Over the past few years, many tools have emerged that help with the definition and implementation of a single processor, optimized for a given set of software. While companies such as Cadence and Synopsys have had internal tools for their proprietary architectures for decades, RISC-V has created a new and open marketplace for such tools. With the breadth of options available and the necessary ecosystem to support them, the rate of adoption has been rapid.

But as soon as a design includes multiple processors, or heterogeneous compute environments, the tooling becomes a lot less available. There is a dearth of tools that can help partition software, or optimize a processor while considering the memory subsystem or the communications network. There’s also gaps in tools that can analyze dataflow within the system. While there are a handful of tools that can do some of those tasks, there is nothing that can do them all, and there are no flows that combine multiple tools to accomplish the task.

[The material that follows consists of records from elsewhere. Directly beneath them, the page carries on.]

(* Assume PONO holds. Let $Q$ be a finite nonempty set of tables, $\mathbf{W}\in\mathbb{R}_{\ge0}^{\mathbb{O}}$ a weight vector and $\alpha_U\ge1$. Run RTA with internal precision $\alpha_i=\alpha_U^{1/|Q|}$ and let $p$ be a plan in $\mathcal{P}^Q$ minimizing $C_{\mathbf{W}}(\mathbf{c}(p))$. Then $C_{\mathbf{W}}(\mathbf{c}(p))\le\alpha_U\cdot\min_{p'\in\mathcal{A}(Q)}C_{\mathbf{W}}(\mathbf{c}(p'))$, i.e. $p$ is an $\alpha_U$-approximate solution of the weighted MOQO instance $\langle Q,\mathbf{W}\rangle$.
   Context: Setting as follows. A finite set $\mathbb{O}$ of $l\ge1$ objectives, a finite set $\mathbb{J}$ of join operators; each table $t$ has a finite nonempty set $\mathcal{A}(\{t\})$ of scan plans; for $|q|\ge2$, $\mathcal{A}(q)$ is the set of plans $\mathrm{Combine}(j,p_1,p_2)$ with $q=q_1\dot\cup q_2$ nonempty parts, $j\in\mathbb{J}$, $p_i\in\mathcal{A}(q_i)$. Each plan has cost vector $\mathbf{c}(p)\in\mathbb{R}_{\ge0}^{\mathbb{O}}$; $C_{\mathbf{W}}(\mathbf{c})=\sum_{o}\mathbf{c}^o\mathbf{W}^o$. $\mathbf{c}_1\preceq\mathbf{c}_2$ iff $\mathbf{c}_1^o\le\mathbf{c}_2^o$ for all $o$; $\mathbf{c}_1\preceq_\alpha\mathbf{c}_2$ iff $\mathbf{c}_1^o\le\alpha\mathbf{c}_2^o$ for all $o$. PONO: for all $\alpha\ge1$, $j$, and plans with $\mathbf{c}(p_L^* )\preceq_\alpha\mathbf{c}(p_L)$, $\mathbf{c}(p_R^* )\preceq_\alpha\mathbf{c}(p_R)$ ($p_L,p_L^*$ for the same table set, likewise $p_R,p_R^*$), $\mathbf{c}(\mathrm{Combine}(j,p_L^*,p_R^* ))\preceq_\alpha\mathbf{c}(\mathrm{Combine}(j,p_L,p_R))$. $\mathrm{Prune}(\mathcal{P},p_N,\alpha_i)$: if no $p\in\mathcal{P}$ has $\mathbf{c}(p)\preceq_{\alpha_i}\mathbf{c}(p_N)$, delete all $p\in\mathcal{P}$ with $\mathbf{c}(p_N)\preceq\mathbf{c}(p)$ and insert $p_N$; else do nothing. RTA: for each $t\in Q$, $\mathcal{P}^{\{t\}}$ starts empty and $\mathrm{Prune}$ is called with every scan plan of $t$; then for $k=2,\dots,|Q|$ and each $q\subseteq Q$ with $|q|=k$, $\mathcal{P}^q$ starts empty and $\mathrm{Prune}(\mathcal{P}^q,\mathrm{Combine}(j,p_1,p_2),\alpha_i)$ is called for all splits $q=q_1\dot\cup q_2$ into nonempty parts, all $p_1\in\mathcal{P}^{q_1}$, $p_2\in\mathcal{P}^{q_2}$, $j\in\mathbb{J}$. *)

From Stdlib Require Import Reals Permutation.
From mathcomp Require Import all_boot.

Set Implicit Arguments.
Unset Strict Implicit.
Unset Printing Implicit Defensive.

Inductive plan (T J Sc : Type) : Type :=
  | Scan : T -> Sc -> plan T J Sc
  | Combine : J -> plan T J Sc -> plan T J Sc -> plan T J Sc.

Section Plans.
Variables (T J Sc O : finType).
Variable scans : T -> {set Sc}.     (* A({t}) = [seq Scan t s | s in scans t] *)

Fixpoint ptables (p : plan T J Sc) : {set T} :=
  match p with
  | Scan t _ => [set t]
  | Combine _ p1 p2 => ptables p1 :|: ptables p2
  end.

Fixpoint wf (p : plan T J Sc) : Prop :=
  match p with
  | Scan t s => s \in scans t
  | Combine _ p1 p2 => wf p1 /\ wf p2 /\ [disjoint ptables p1 & ptables p2]
  end.

Definition in_A (q : {set T}) (p : plan T J Sc) : Prop := wf p /\ ptables p = q.

Definition Rleb (x y : R) : bool := if Rle_dec x y then true else false.
Lemma in_L_mult_sep F G : is_deriv_seq F -> is_deriv_seq G ->
  F O (PI / 2) = 0 -> F O (- (PI / 2)) = 0 -> G O (PI / 2) = 0 -> G O (- (PI / 2)) = 0 ->
  in_L (fun x y => F O x * G O y).
Proof.
intros HF HG F1 F2 G1 G2. exists (fun _ _ => True).
split; [|split; [|split]].
- intros x y _. exists 1. split; [lra|auto].
- auto.
- exists (fun i j x y => F i x * G j y). split; [reflexivity|]. intros i j. split.
  + apply continuous2_on_mult_sep; apply is_deriv_seq_continuity; assumption.
  + intros x y _. split.
    * apply (derivable_pt_lim_scal_right (F i)), HF.
    * apply (derivable_pt_lim_scal (G j)), HG.
- intros x y Hb. destruct (on_boundary_cases x y Hb) as [E|[E|[E|E]]];
    rewrite E, ?F1, ?F2, ?G1, ?G2; ring.
Qed.

Lemma is_laplacian_mult_sep F G x y : is_deriv_seq F -> is_deriv_seq G ->
  is_laplacian (fun x y => F O x * G O y) x y (F 2%nat x * G O y + F O x * G 2%nat y).
Proof.
intros HF HG. exists (F 2%nat x * G O y), (F O x * G 2%nat y). split; [|split; [|reflexivity]].
- exists (fun t => F 1%nat t * G O y), 1. split; [lra|split].
  + intros t _. apply (derivable_pt_lim_scal_right (F O)), HF.
  + apply (derivable_pt_lim_scal_right (F 1%nat)), HF.
- exists (fun t => F O x * G 1%nat t), 1. split; [lra|split].
  + intros t _. apply (derivable_pt_lim_scal (G O)), HG.
  + apply (derivable_pt_lim_scal (G 1%nat)), HG.
Qed.

Definition right_bump (x : R) : R := flat 0 x * cos x.

Definition left_bump (x : R) : R := right_bump (- x).

Lemma flat_trig_right_bump : flat_trig right_bump.
Proof. repeat constructor. Qed.

Lemma flat_trig_left_bump : flat_trig left_bump.
Proof. apply (flat_trig_opp_arg right_bump), flat_trig_right_bump. Qed.

Lemma right_bump_le0 x : x <= 0 -> right_bump x = 0.
Proof. intro Hx. unfold right_bump. rewrite flat_le0 by exact Hx. ring. Qed.

Lemma right_bump_pos x : 0 < x < PI / 2 -> 0 < right_bump x.
Proof.
intro Hx. apply Rmult_lt_0_compat; [apply flat_gt0; lra|apply cos_gt_0; lra].
Qed.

Many questions get raised as soon as multicore enters the picture. “There is a RISC-V multicore frenzy,” says Frank Schirrmeister, vice president of marketing at Arteris IP. “You typically extend them in similar ways. Maybe you have multiple clusters. Within the cluster you may have multiple compute units, and perhaps you co-optimize the compute and the transport. You may decide to have an application accelerator associated with the cluster or attached to each core. Each processor could be a heavily optimized application-specific instruction processor (ASIP) using something like CodAL from Codasip, or LISATek/NML from Synopsys. You could use high-level synthesis to build an application accelerator.”

What’s missing
Some fundamental pieces of a flow simply do not exist, and others do not work together as seamlessly as required. But some progress is being made.

“Gaps in the design methodology can always use less automated, traditional RTL design approaches,” says Zdeněk Přikryl, CTO for Codasip. “As processor design automation tools develop further, we can expect gaps to be closed and a complete hardware/software co-design methodology to emerge.”

Huge gaps do remain in the flow. “There is nothing like an automatic parallelization tool, even for homogeneous multi core, even less so for a heterogeneous multi core system,” says Tim Kogel, principal engineer for virtual prototyping at Synopsys. “People are struggling to find the right data model. NVIDIA has a huge investment in their CUDA franchise, developing all kinds of programming models to address that. There’s a lot that still needs to happen. What I see today is you have separate tool chains for the different sub-systems. For example, you have the machine learning compiler tool chain for your neural networks, and then you have the traditional compiler tool chain for the CPU, and then it’s a bit of an effort to stitch them together.”

When restrictions are made, solutions become more likely. “The ability of RISC-V to tightly integrate accelerators to a processor is a big advantage because it reduces the range of heterogeneity needed to be supported by Linux,” says Charlie Hauck, CEO at Bluespec. “It can do this without constraining the range of heterogeneity implemented by accelerators. This minimizes the scope of the tool changes needed to support domain-specific processors in a heterogeneous multiprocessing environment. This includes cycle-approximate system-level C/SystemC modeling for fast architectural exploration to refine specs before moving into implementation and validation.”

To be software-driven, it has to start from there and work down to the hardware. “With model-based systems engineering, they are starting with the overall functionality, which crosses multiple domains — software, hardware, physical,” says Neil Hand, director of strategy for design verification technology at Siemens Digital Industries Software. “As they start pushing down, they are looking at the division of hardware and the software — what goes into each processor. And generally, they want to go with the processor that will do the job in the most effective way. If they can get away with running the algorithm on a single monolithic processor, they would probably do that. If it’s not meeting the requirements, they want a way to peel that off and decide what functionality has its own embedded core, or its own accelerators.”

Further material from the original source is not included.